### [What this task involves]
In exact form, please repeat the records from their opening line down to the line with "Definition dEbar (k", including that line.

======== Record set

(* ---- the objects of the statement ----
   Frames are indexed by k : 'I_N, frame k being the paper's frame i = k+1.
   The trajectory theta = (theta_1,...,theta_N) is stored as Th : 'M_(N,n),
   row k being theta_{k+1}; the stacked vector in R^{nN} is mxvec Th. *)

Definition setrow N n (Th : 'M[R]_(N, n)) (k : 'I_N) (t : 'rV[R]_n) : 'M[R]_(N, n) :=
  \matrix_(a < N, j < n) (if a == k then t 0 j else Th a j).

(* thext th0 thm1 Th m = theta_{m-1}:  m = 0 -> theta_{-1}, m = 1 -> theta_0,
   m = k+2 -> theta_{k+1} = row k Th *)
Definition thext N n (th0 thm1 : 'rV[R]_n) (Th : 'M[R]_(N, n)) (m : nat) : 'rV[R]_n :=
  match m with
  | 0 => thm1
  | 1 => th0
  | m'.+2 => oapp (fun k : 'I_N => row k Th) 0 (insub m')
  end.

Variables (U : Type) (n N : nat) (M : 'M[R]_n) (del : nat -> R)
  (th0 thm1 : 'rV[R]_n) (P : 'rV[R]_n -> U -> R) (u : 'I_N -> U)
  (iota : 'I_N -> 'I_N).

(* E-bar_i for paper index i = k+1; del m = delta_m *)
Definition Ebar (k : 'I_N) (Th : 'M[R]_(N, n)) : R :=
  let di := del k.+1 in let dim1 := del k in
  1 / (2 * di ^+ 2) *
    qM M (row k Th - (1 + di / dim1) *: thext th0 thm1 Th k.+1
          + (di / dim1) *: thext th0 thm1 Th k)
  + P (row k Th) (u (iota k)).

Definition dEbar (k : 'I_N) (Th : 'M[R]_(N, n)) : 'rV[R]_n :=
  grad (fun t => Ebar k (setrow Th k t)) (row k Th).

Definition Lambda_i (k : 'I_N) (Th : 'M[R]_(N, n)) : R := 1 / 2 * sqn (dEbar k Th).

Definition Lambda (v : 'rV[R]_(N * n)) : R := \sum_(k < N) Lambda_i k (vec_mx v).

Definition Gvec (v : 'rV[R]_(N * n)) : 'rV[R]_(N * n) :=
  mxvec (\matrix_(k < N) dEbar k (vec_mx v)).

Definition Jmat (v : 'rV[R]_(N * n)) : 'M[R]_(N * n) := jac Gvec v.

End Defs.

From Pilot Require Import Defs.
From HB Require Import structures.
From mathcomp Require Import all_boot all_order all_algebra.
From mathcomp Require Import all_classical all_reals all_analysis.
From mathcomp Require Import ring lra.
Import Order.TTheory GRing.Theory Num.Theory.
Import numFieldNormedType.Exports.
Local Open Scope classical_set_scope.
Local Open Scope ring_scope.

Set Implicit Arguments. Unset Strict Implicit. Unset Printing Implicit Defensive.

(* The stacked gradient G is block lower triangular in theta: its block i depends only on
   theta_i, theta_(i-1), theta_(i-2), and its diagonal block delta_i^-2 M + Hess P(theta_i)
   is coercive with constant lambda_min(M) delta_i^-2 - L > 0, because grad P is
   L-Lipschitz and the step size is small.  Forward substitution through the triangular
   Jacobian then bounds |e| by |e J^T| uniformly in theta and in the controls, which is (ii).
   Lambda_i and Lambda both have the form 1/2 |F|^2, whose gradient is F DF^T; a uniform
   bound c |y|^2 <= |y DF^T|^2 together with inf >= 0 gives the PL inequality with constant
   c.  This yields (i) from the diagonal block alone and (iii) from the bound of (ii). *)


Section RowVectors.
Variable R : realType.
Implicit Types (a c : R).

Definition dot m (x y : 'rV[R]_m) : R := (x *m y^T) 0 0.

Lemma dotE m (x y : 'rV[R]_m) : dot x y = \sum_(j < m) x 0 j * y 0 j.
Proof. by rewrite /dot mxE; apply: eq_bigr => j _; rewrite mxE. Qed.

Lemma sqn_dot m (x : 'rV[R]_m) : sqn x = dot x x.
Proof. by rewrite dotE /sqn; apply: eq_bigr => j _; rewrite expr2. Qed.

Lemma dotC m (x y : 'rV[R]_m) : dot x y = dot y x.
Proof. by rewrite !dotE; apply: eq_bigr => j _; rewrite mulrC. Qed.

Lemma dotDl m (x y z : 'rV[R]_m) : dot (x + y) z = dot x z + dot y z.
Proof. by rewrite /dot mulmxDl mxE. Qed.

Lemma dotZl m a (x z : 'rV[R]_m) : dot (a *: x) z = a * dot x z.
Proof. by rewrite /dot -scalemxAl mxE. Qed.

Lemma dotNl m (x z : 'rV[R]_m) : dot (- x) z = - dot x z.
Proof. by rewrite /dot mulNmx mxE. Qed.

Lemma dotDr m (x y z : 'rV[R]_m) : dot z (x + y) = dot z x + dot z y.
Proof. by rewrite dotC dotDl !(dotC z). Qed.

Lemma dotZr m a (x z : 'rV[R]_m) : dot z (a *: x) = a * dot z x.
Proof. by rewrite dotC dotZl dotC. Qed.

Lemma dotNr m (x z : 'rV[R]_m) : dot z (- x) = - dot z x.
Proof. by rewrite dotC dotNl dotC. Qed.

Lemma dot0l m (x : 'rV[R]_m) : dot 0 x = 0.
Proof. by rewrite /dot mul0mx mxE. Qed.

Lemma dot_delta m (x : 'rV[R]_m) j : dot x (delta_mx 0 j) = x 0 j.
Proof. by rewrite /dot trmx_delta -colE mxE. Qed.

Lemma dot_mulmxl m p (x : 'rV[R]_m) (A : 'M[R]_(m, p)) (y : 'rV[R]_p) :
  dot (x *m A) y = dot x (y *m A^T).
Proof. by rewrite /dot trmx_mul trmxK mulmxA. Qed.

Lemma sqn_ge0 m (x : 'rV[R]_m) : 0 <= sqn x.
Proof. by apply: sumr_ge0 => j _; rewrite sqr_ge0. Qed.

Lemma sqn0 m : sqn (0 : 'rV[R]_m) = 0.
Proof. by rewrite /sqn big1 // => j _; rewrite mxE expr0n. Qed.

Lemma sqr_coord_le_sqn m (x : 'rV[R]_m) j : x 0 j ^+ 2 <= sqn x.
Proof.
by rewrite /sqn (bigD1 j) //= lerDl; apply: sumr_ge0 => i _; rewrite sqr_ge0.
Qed.

Lemma sqn_gt0 m (x : 'rV[R]_m) : x != 0 -> 0 < sqn x.
Proof.
move=> x_neq0; rewrite lt_def sqn_ge0 andbT; apply: contra x_neq0 => /eqP sx0.
apply/eqP/rowP => j; apply/eqP; rewrite mxE -sqrf_eq0 eq_le sqr_ge0 andbT.
by rewrite -sx0 sqr_coord_le_sqn.
Qed.

Lemma sqnZ m a (x : 'rV[R]_m) : sqn (a *: x) = a ^+ 2 * sqn x.
Proof. by rewrite !sqn_dot dotZl dotZr mulrA expr2. Qed.

Lemma sqnN m (x : 'rV[R]_m) : sqn (- x) = sqn x.
Proof. by rewrite !sqn_dot dotNl dotNr opprK. Qed.

Lemma sqnD m (x y : 'rV[R]_m) : sqn (x + y) = sqn x + 2 * dot x y + sqn y.
Proof. by rewrite !sqn_dot dotDl !dotDr (dotC y x); ring. Qed.

Lemma sqn_mxvec p q (A : 'M[R]_(p, q)) : sqn (mxvec A) = \sum_(k < p) sqn (row k A).
Proof.
rewrite /sqn (reindex _ (curry_mxvec_bij _ _)) /= pair_bigA /=.
by apply: eq_bigr => -[i j] _ /=; rewrite mxvecE mxE.
Qed.

Lemma dot_le_young m (x y : 'rV[R]_m) a : 0 < a ->
  2 * dot x y <= a * sqn x + sqn y / a.
Proof.
move=> a_gt0; have := sqn_ge0 (a *: x - y).
rewrite sqnD sqnZ sqnN dotNr dotZl expr2 => sq_ge0.
rewrite -(ler_pM2l a_gt0) mulrDr (mulrCA a (sqn y)) mulfV ?gt_eqF // mulr1; nra.
Qed.

Lemma sqnD_le m (x y : 'rV[R]_m) : sqn (x + y) <= 2 * sqn x + 2 * sqn y.
Proof.
by rewrite sqnD; have := dot_le_young x y (@ltr01 R); rewrite mul1r divr1; lra.
Qed.

Lemma sqn_ge_of_dot m (w z : 'rV[R]_m) c : 0 < c ->
  c * sqn z <= dot w z -> c ^+ 2 * sqn z <= sqn w.
Proof.
move=> c_gt0 dot_ge; have := dot_le_young z w c_gt0; rewrite dotC => young.
have : c * (c * sqn z) <= c * (sqn w / c) by rewrite ler_pM2l //; lra.
by rewrite mulrA -expr2 mulrCA mulfV ?gt_eqF // mulr1.
Qed.

End RowVectors.

Section QuadraticForms.
Variable R : realType.

Definition norm1_mx m (A : 'M[R]_m) : R := \sum_i \sum_j `|A i j|.

Lemma norm1_mx_ge0 m (A : 'M[R]_m) : 0 <= norm1_mx A.
Proof. by apply: sumr_ge0 => i _; apply: sumr_ge0. Qed.

Lemma quad_form_norm_le m (A : 'M[R]_m) x : `|dot (x *m A) x| <= norm1_mx A * sqn x.
Proof.
have -> : dot (x *m A) x = \sum_i \sum_j x 0 i * A i j * x 0 j.
  by rewrite dotE exchange_big; apply: eq_bigr => j _; rewrite mxE mulr_suml.
rewrite /norm1_mx !mulr_suml; apply: (le_trans (ler_norm_sum _ _ _)).
apply: ler_sum => i _; rewrite mulr_suml; apply: (le_trans (ler_norm_sum _ _ _)).
apply: ler_sum => j _; rewrite (mulrC (x 0 i)) -mulrA !normrM ler_wpM2l //.
have : 2 * (`|x 0 i| * `|x 0 j|) <= `|x 0 i| ^+ 2 + `|x 0 j| ^+ 2.
  by have := sqr_ge0 (`|x 0 i| - `|x 0 j|); rewrite sqrrB; lra.
rewrite !real_normK ?num_real //.
have := sqr_coord_le_sqn x i; have := sqr_coord_le_sqn x j; lra.
Qed.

================

### [Final answer]
(* ---- the objects of the statement ----
   Frames are indexed by k : 'I_N, frame k being the paper's frame i = k+1.
   The trajectory theta = (theta_1,...,theta_N) is stored as Th : 'M_(N,n),
   row k being theta_{k+1}; the stacked vector in R^{nN} is mxvec Th. *)

Definition setrow N n (Th : 'M[R]_(N, n)) (k : 'I_N) (t : 'rV[R]_n) : 'M[R]_(N, n) :=
  \matrix_(a < N, j < n) (if a == k then t 0 j else Th a j).

(* thext th0 thm1 Th m = theta_{m-1}:  m = 0 -> theta_{-1}, m = 1 -> theta_0,
   m = k+2 -> theta_{k+1} = row k Th *)
Definition thext N n (th0 thm1 : 'rV[R]_n) (Th : 'M[R]_(N, n)) (m : nat) : 'rV[R]_n :=
  match m with
  | 0 => thm1
  | 1 => th0
  | m'.+2 => oapp (fun k : 'I_N => row k Th) 0 (insub m')
  end.

Variables (U : Type) (n N : nat) (M : 'M[R]_n) (del : nat -> R)
  (th0 thm1 : 'rV[R]_n) (P : 'rV[R]_n -> U -> R) (u : 'I_N -> U)
  (iota : 'I_N -> 'I_N).

(* E-bar_i for paper index i = k+1; del m = delta_m *)
Definition Ebar (k : 'I_N) (Th : 'M[R]_(N, n)) : R :=
  let di := del k.+1 in let dim1 := del k in
  1 / (2 * di ^+ 2) *
    qM M (row k Th - (1 + di / dim1) *: thext th0 thm1 Th k.+1
          + (di / dim1) *: thext th0 thm1 Th k)
  + P (row k Th) (u (iota k)).

Definition dEbar (k : 'I_N) (Th : 'M[R]_(N, n)) : 'rV[R]_n :=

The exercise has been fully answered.